====== GIVEN DATA ======

Lemma Rintegral_sum (s : seq I) :
  \int[mu]_(x in D) \sum_(i <- s) F i x = \sum_(i <- s) \int[mu]_(x in D) F i x.
Proof.
elim: s => [|i s ih].
  by under eq_Rintegral do rewrite big_nil; rewrite big_nil Rintegral_cst // mul0r.
under eq_Rintegral do rewrite big_cons.
by rewrite big_cons RintegralD ?ih //; exact: integrable_Rsum.
Qed.

End Rintegral_sum.

Lemma Rintegral_itv_diff_le (R : realType) (F : R -> R) (a s s' M : R) :
  a <= s -> s <= s' ->
  lebesgue_measure.-integrable `[a, s'] (EFin \o F) ->
  (forall r, s < r <= s' -> `|F r| <= M) ->
  `|\int[lebesgue_measure]_(x in `[a, s']) F x -
    \int[lebesgue_measure]_(x in `[a, s]) F x| <= M * (s' - s).
Proof.
move=> a_s ss' intF boundF.
rewrite Rintegral_itvB ?bnd_simp //.
have intF' : lebesgue_measure.-integrable `]s, s'] (EFin \o F).
  by apply: integrableS intF => //; apply: subset_itvScc; rewrite bnd_simp.
apply: (le_trans (le_normr_Rintegral _ _)) => //.
have -> : M * (s' - s) = \int[lebesgue_measure]_(x in `]s, s']) M.
  rewrite Rintegral_cst //; have := @lebesgue_measure_itv R `]s, s'].
  rewrite /= lte_fin => ->.
  by case: ltP => [//|s's]; rewrite (_ : s' = s) ?subrr //; apply/eqP; rewrite eq_le s's ss'.
apply: le_Rintegral => //; first exact: integrable_norm.
apply/integrableP; split; first exact/measurable_EFinP/measurable_cst.
rewrite integral_cst //= lebesgue_measure_itv /=.
by case: ifP => _; rewrite -?EFinD -?EFinM ?mule0 ltry.
Qed.

Lemma differentiable_remainder_le {R : realType} {V W : normedModType R} {f : V -> W} {y : V} :
  differentiable f y -> forall e, 0 < e -> exists2 d, 0 < d &
    forall h, `|h| < d -> `|f (y + h) - f y - 'd f y h| <= e * `|h|.
Proof.
move=> df e e0; have /eqaddoP/(_ e e0)/nbhs_normP[d d0 small] := diff_locally df.
exists d => // h hd; have := small h; rewrite /ball_ /= sub0r normrN => /(_ hd).
by rewrite !fctE /= [y + h]addrC opprD addrA.
Qed.

Section flow.
Variables (R : realType) (n : nat) (p Fv : R -> 'cV[R]_n) (x0 : 'cV[R]_n) (C : R).
Hypothesis p_integral_eq : forall t, 0 <= t -> forall i : 'I_n,
  lebesgue_measure.-integrable `[0, t] (EFin \o (fun s => Fv s i 0)) /\
  p t i 0 = x0 i 0 + \int[lebesgue_measure]_(s in `[0, t]) Fv s i 0.
Hypothesis Fv_bounded : forall t, 0 <= t -> enorm (Fv t) <= C.

Lemma flow_at0 : p 0 = x0.
Proof.
apply/matrixP => i j; rewrite (ord1 j).
by have [_ ->] := p_integral_eq (lexx 0) i; rewrite set_itv1 Rintegral_set1 addr0.
Qed.

Lemma edot_flow_integral_eq (a : 'cV[R]_n) t : 0 <= t ->
  lebesgue_measure.-integrable `[0, t] (EFin \o (fun s => edot a (Fv s))) /\
  edot a (p t) = edot a x0 + \int[lebesgue_measure]_(s in `[0, t]) edot a (Fv s).
Proof.
move=> t0.
have mI : measurable (`[0, t] : set (g_sigma_algebraType R.-ocitv.-measurable)).
  exact: measurable_itv.
have intF i : lebesgue_measure.-integrable `[0, t] (EFin \o (fun s => a i 0 * Fv s i 0)).
  have := integrableZl mI (a i 0) (proj1 (p_integral_eq t0 i)).
  by apply: eq_integrable => // s _; rewrite /= EFinM.
split; first exact: (integrable_Rsum mI intF).
rewrite /edot (Rintegral_sum mI intF) -big_split /=.
apply: eq_bigr => i _; have [intFi ->] := p_integral_eq t0 i.
by rewrite RintegralZl // mulrDr.
Qed.
Section AbelianSubgroupsOfQuotient.
Local Open Scope group_scope.
Variables (gT : finGroupType) (H K : {group gT}).
Hypothesis nsKH : K <| H.
Hypothesis commg_K : {in H &, forall x y, [~ x, y] \in K -> [~ x, y] = 1}.

Lemma normal_commg_trivial_cent : H \subset 'C(K).
Proof.
have /andP [sKH nKH] := nsKH.
apply/centsP => h Hh x Kx; apply/commgP/eqP/commg_K => //; first exact: subsetP Kx.
by apply: subsetP (mem_commg Hh Kx); rewrite commg_subr.
Qed.

Lemma abelian_of_quotient (L : {group gT}) : L \subset H -> abelian (L / K) -> abelian L.
Proof.
move=> sLH; have nKL : L \subset 'N(K) := subset_trans sLH (normal_norm nsKH).
rewrite /abelian quotient_cents2 // => sLLK.
apply/centsP => x Lx y Ly; apply/commgP/eqP/commg_K; try exact: subsetP sLH _ _.
exact: subsetP sLLK _ (mem_commg Lx Ly).
Qed.

Lemma min_index_abelian_quotient (A : {group gT}) : min_index_abelian A H ->
  exists2 B : {group coset_of K}, min_index_abelian B (H / K) & #|H : A| = #|H / K : B|.
Proof.
case=> sAH abA minA; have /andP [sKH nKH] := nsKH.
have cKH := normal_commg_trivial_cent.
have sAKH : A <*> K \subset H by rewrite join_subG sAH.
have abAK : abelian (A <*> K).
  rewrite abelianY abA /abelian (subset_trans sKH cKH).
  by rewrite centsC (subset_trans sAH cKH).
have indexAK : #|H : A <*> K| = #|H : A|.
  apply/eqP; rewrite eqn_leq minA // andbT.
  by apply: dvdn_leq; [apply: indexg_gt0 | apply/indexgS/joing_subl].
have index_quo (L : {group gT}) :
    K \subset L -> L \subset H -> #|H / K : L / K| = #|H : L|.
  by move=> sKL sLH; rewrite index_quotient_eq // (subset_trans (subsetIr _ _) sKL).
exists ((A <*> K) / K)%G; last by rewrite index_quo ?joing_subr ?indexAK.
split; [exact: quotientS | exact: quotient_abelian | move=> B sBH abB].
have [L defB sKL sLH] := inv_quotientS nsKH sBH; rewrite defB in abB *.
by rewrite !index_quo ?joing_subr // indexAK minA // abelian_of_quotient.
Qed.

End AbelianSubgroupsOfQuotient.

Lemma kquo_faithful_mxrep (R : comUnitRingType) (gT : finGroupType) (G : {group gT}) n
    (rG : mx_representation R G n) :
  faithful_mxrep (G / rker rG)%G (kquo_repr rG).
Proof.
split; first exact: repr_mxM; last exact: repr_mx_unit.
exact: mx_faithful_inj (kquo_mx_faithful rG).
Qed.

Lemma faithful_quotient_min_index_abelian (R : comUnitRingType) n
    (gT : finGroupType) (H A : {group gT}) (rho : gT -> 'M[R]_n.+1) :
    rho 1%g = 1 -> {in H &, {morph rho : x y / (x * y)%g >-> x * y}} ->
    {in H &, forall x y, rho [~ x, y]%g = 1 -> [~ x, y]%g = 1%g} ->
    min_index_abelian A H ->
  exists (gT' : finGroupType) (H' A' : {group gT'}) (rho' : gT' -> 'M[R]_n.+1),
    [/\ faithful_mxrep H' rho', min_index_abelian A' H' & #|H : A|%g = #|H' : A'|%g].
Proof.
move=> rho1 rhoM rho_commg minA.
pose rG := MxRepresentation (conj rho1 rhoM : mx_repr H rho).
have commg_ker : {in H &, forall x y, [~ x, y]%g \in rker rG -> [~ x, y]%g = 1%g}.
  by move=> x y Hx Hy /rkerP [_ /rho_commg]; apply.
have [B minB indexB] := min_index_abelian_quotient (rker_normal rG) commg_ker minA.
by exists _, (H / rker rG)%G, B, (kquo_repr rG); split; first exact: kquo_faithful_mxrep.
Qed.

Theorem proposition3p4 (R : realType) (n : nat)
    (M Gam : 'M[R[i]]_n -> Prop)
    (gT : finGroupType) (H : {group gT}) (f : 'M[R[i]]_n -> gT) :
  mx_subgroup M ->
  central_subgroup Gam M ->
  iso_to_Z Gam ->
  quotient_map M Gam H f ->
  forall A : {group gT}, min_index_abelian A H ->
  exists (gT' : finGroupType) (H' A' : {group gT'}) (rho : gT' -> 'M[R[i]]_n),
    [/\ faithful_mxrep H' rho, min_index_abelian A' H' &
        #|H : A|%g = #|H' : A'|%g ].
Proof.
case: n M Gam f => [|n] M Gam f [M1 M_unit MM MV] [_ GamM Gam_cent].
  move=> [phi [_ phi_inj _]].
  by have := phi_inj 0 1; rewrite [phi 0]flatmx0 [phi 1]flatmx0 => /(_ erefl).
move=> [phi [phiD phi_inj Gam_phi]] [fM f_onto f_ker] A minA.
have Gam_phi1 z : Gam (phi z) by apply/Gam_phi; exists z.
have phiE := morph_int_exprz phiD (fun z => M_unit _ (GamM _ (Gam_phi1 z))).
have k_neq0 : #|H|%:R != 0 :> R[i] by rewrite pnatr_eq0 -lt0n cardG_gt0.
have [p s_root] := unitmx_kth_root_horner k_neq0 (M_unit _ (GamM _ (Gam_phi1 1))).
set s := horner_mx (phi 1) p in s_root.
have s_unit : s \is a GRing.unit.
  by rewrite -(unitrX_pos _ (cardG_gt0 H)) s_root; apply/M_unit/GamM.
have s_cent x : M x -> GRing.comm s x.
  by move=> Mx; apply: comm_horner_mx; apply: Gam_cent.
have gam_inj : injective (fun z : int => s ^+ #|H| ^ z).
  by move=> a b /=; rewrite s_root -!phiE => /phi_inj.
have f_ker_s x : M x -> f x = 1%g -> exists z, x = s ^+ #|H| ^ z.
  by move=> Mx /(f_ker _ Mx) /Gam_phi [z ->]; exists z; rewrite s_root phiE.
have f_onto_H h : h \in H -> exists2 x, M x & f x = h by move/f_onto.
have [rho [rho1 rhoM rho_commg]] := exists_rep_ker_commg1
  M1 M_unit MM MV s_unit s_cent gam_inj fM f_onto_H f_ker_s.
exact: faithful_quotient_min_index_abelian rho1 rhoM rho_commg minA.
Qed.
Lemma unpop_succ c t : m c != c -> (t : nat) = (m c).+1 -> unpop t = unpop c.
Proof.
move=> mc tc; have [cm mn] := moved_lt mc; rewrite (unpop_moved mc).
have [k1 k2 k3 k4] := next_closing_spec mn.
have [mt|mt] := eqVneq (m t) t.
  rewrite unpop_fix //; apply: val_inj => /=.
  have : (next_closing (m c) <= t)%N by apply: k4 => // [|s h1 h2]; lia.
  by lia.
have [tm tn] := moved_lt mt; have [l1 l2 l3 l4] := next_closing_spec tn.
rewrite unpop_moved //.
have le1 : (next_closing (m c) <= next_closing (m t))%N.
  apply: k4 => // [|s ks st]; first lia.
  case: (ltnP (m t) s) => hs; first exact: l3.
  have [->|st'] := eqVneq s t; first lia.
  by have := mN.2 t s; move: st'; rewrite -val_eqE /=; lia.
have mt_lt : (m t < next_closing (m c))%N.
  rewrite ltnNge; apply/negP => hle.
  have [tk|tk] := eqVneq (next_closing (m c)) t; first by move: mt; rewrite -tk k2 eqxx.
  have tk' : (t < next_closing (m c))%N by move: tk; rewrite -val_eqE /=; lia.
  have ct : (m c < t)%N by lia.
  by have := k3 t ct tk'; lia.
have le2 : (next_closing (m t) <= next_closing (m c))%N.
  by apply: l4 => // s h1 h2; apply: k3 => //; lia.
by apply: val_inj => /=; lia.
Qed.
Theorem lemma2 (d : measure_display) (T : measurableType d) (R : realType)
  (P : probability T R) (N M : nat) (S : {set schedule N})
  (dest : 'I_N -> nat -> 'I_M) (f : R -> R) (rho : R) (lambda : 'I_N -> R)
  (A : 'I_N -> nat -> T -> bool)
  (dep : T -> 'I_N -> nat -> nat) (sched : T -> nat -> schedule N) (C : R) :
  monotone_sched S -> covers_all S ->
  good_f f rho ->
  strictly_admissible S lambda ->
  (forall n t, measurable [set w | A n t w]) ->
  (forall n t, P [set w | A n t w] = (lambda n)%:E) ->
  mutually_independent_bool P (fun it : 'I_N * nat => A it.1 it.2) ->
  (forall w, shadow_cfn (fun n t => A n t w) dest (dep w)) ->
  (forall w, MUCF S f (fun n t => A n t w) (dep w) (sched w)) ->
  (forall tau pi, measurable [set w | sched w tau = pi]) ->
  (forall tau : nat, (2 <= tau)%N ->
     (\int[P]_w (Zt R (fun n t => A n t w) (sched w) tau)%:E <= C%:E)%E) ->
  {ae P, forall w, (fun tau : nat => (absW (fun n t => A n t w) (sched w) tau)%:R / tau%:R : R)
                     @ \oo --> (0 : R)}.
Proof.
move=> _ _ _ _ A_meas _ _ _ _ sched_meas EZ_le.
pose Z tau w := Zt R (fun n t => A n t w) (sched w) tau.
pose g k w := ((((2 ^ k.+1)%:R)^-1)%:E * (Z (8 ^ k.+1)%N w)%:E)%E.
have Z_meas tau : measurable_fun setT (fun w => (Z tau w)%:E).
  apply: (measurable_fun_history A_meas sched_meas (tau := tau)) => w w' hA hs.
  by rewrite /Z (Zt_ext _ hA hs).
have g_ge0 k w : (0 <= g k w)%E by rewrite mule_ge0 ?lee_fin ?Zt_ge0.
have g_meas k : measurable_fun setT (g k).
  by apply: emeasurable_funM => //; exact: measurable_cst.
have Eg_le : (\sum_(k <oo) \int[P]_w g k w <= C%:E)%E.
  rewrite -eseries_geometric_half; apply: lee_nneseries => [k _ _|k _].
    exact: integral_ge0.
  rewrite ge0_integralZl_EFin // ?EFinM ?lee_wpmul2l ?EZ_le //.
  - by rewrite (leq_trans _ (leq_pexp2l _ (ltn0Sn k))).
  - by move=> w _; rewrite lee_fin Zt_ge0.
apply: filterS (ae_fin_nneseries g_meas g_ge0 Eg_le) => w series_fin.
apply: (cvg_ratio0_of_Zt_bound (N := N) (v := fine (\sum_(k <oo) g k w))) => [t|k].
  exact: absW_succ_le.
by rewrite -lee_fin fineK // EFinM; exact: (nneseries_ge_term (u := g^~ w) k (g_ge0^~ w)).
Qed.
(* Let $G$ be a connected graph and $r\in\mathbb{N}$. For every covering $p:C\to G$ that preserves $(r/2)$-balls there is a covering $q:G_r\to C$ such that $p_r=p\circ q$, and all such coverings $q$ are equivalent.
   Context: Graphs may have loops and parallel edges and are viewed as 1-complexes; coverings have connected covering spaces. A cycle may be a loop or a pair of parallel edges; a closed walk once around a cycle $O$ traverses every edge of $O$ exactly once. $\pi_1^r(G,x_0)$ is the subgroup of $\pi_1(G,x_0)$ generated by the classes of closed walks $W_0QW_0^-$, $W_0$ a walk from $x_0$ to a vertex $y$, $Q$ a closed walk at $y$ once around a cycle of length at most $r$, $W_0^-$ the reverse of $W_0$. The $r$-local covering $p_r:G_r\to G$ is the connected normal covering with characteristic subgroup $\pi_1^r(G,x_0)$. For a vertex $v$ of a graph $X$, $B_X(v,r/2)$ is the subgraph formed by the vertices at distance at most $r/2$ from $v$ and the edges $xy$ with $d_X(v,x)+1+d_X(y,v)\le r$. A covering $p:C\to G$ preserves $(r/2)$-balls if for every vertex $v$ of $G$ and every lift $\hat v$, $p$ maps $B_C(\hat v,r/2)$ isomorphically onto $B_G(v,r/2)$. Two coverings $q:X\to Y$, $q':X'\to Y$ are equivalent if there is a homeomorphism $h:X\to X'$ with $q'\circ h=q$. *)

From Stdlib Require Import List Arith Relations.
Import ListNotations.
Set Implicit Arguments.

(* A graph: vertices, darts (oriented edges), tail map and a fixed-point-free
   involution reversing darts.  An edge is a pair {d, rv d}; a loop is an edge
   whose two darts have equal tails. *)
Record graph := Graph {
  V : Type;
  D : Type;
  tl : D -> V;
  rv : D -> D;
  rv_inv : forall d, rv (rv d) = d;
  rv_neq : forall d, rv d <> d }.

Definition hd (G : graph) (d : D G) : V G := tl G (rv G d).

Fixpoint is_walk (G : graph) (x : V G) (w : list (D G)) : Prop :=
  match w with
  | [] => True
  | d :: w' => tl G d = x /\ is_walk G (hd G d) w'
  end.

Fixpoint wend (G : graph) (x : V G) (w : list (D G)) : V G :=
  match w with
  | [] => x
  | d :: w' => wend G (hd G d) w'
  end.

Definition connected (G : graph) : Prop :=
  inhabited (V G) /\
  forall x y : V G, exists w, is_walk G x w /\ wend G x w = y.

Record gmap (G H : graph) := GMap { mV : V G -> V H; mD : D G -> D H }.

Definition is_morphism (G H : graph) (f : gmap G H) : Prop :=
  (forall d, tl H (mD f d) = mV f (tl G d)) /\
  (forall d, mD f (rv G d) = rv H (mD f d)).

======

TRY IT
Tally the lines of the material above that include the word "pose", then state that tally alone.

EXPECTED ANSWER
3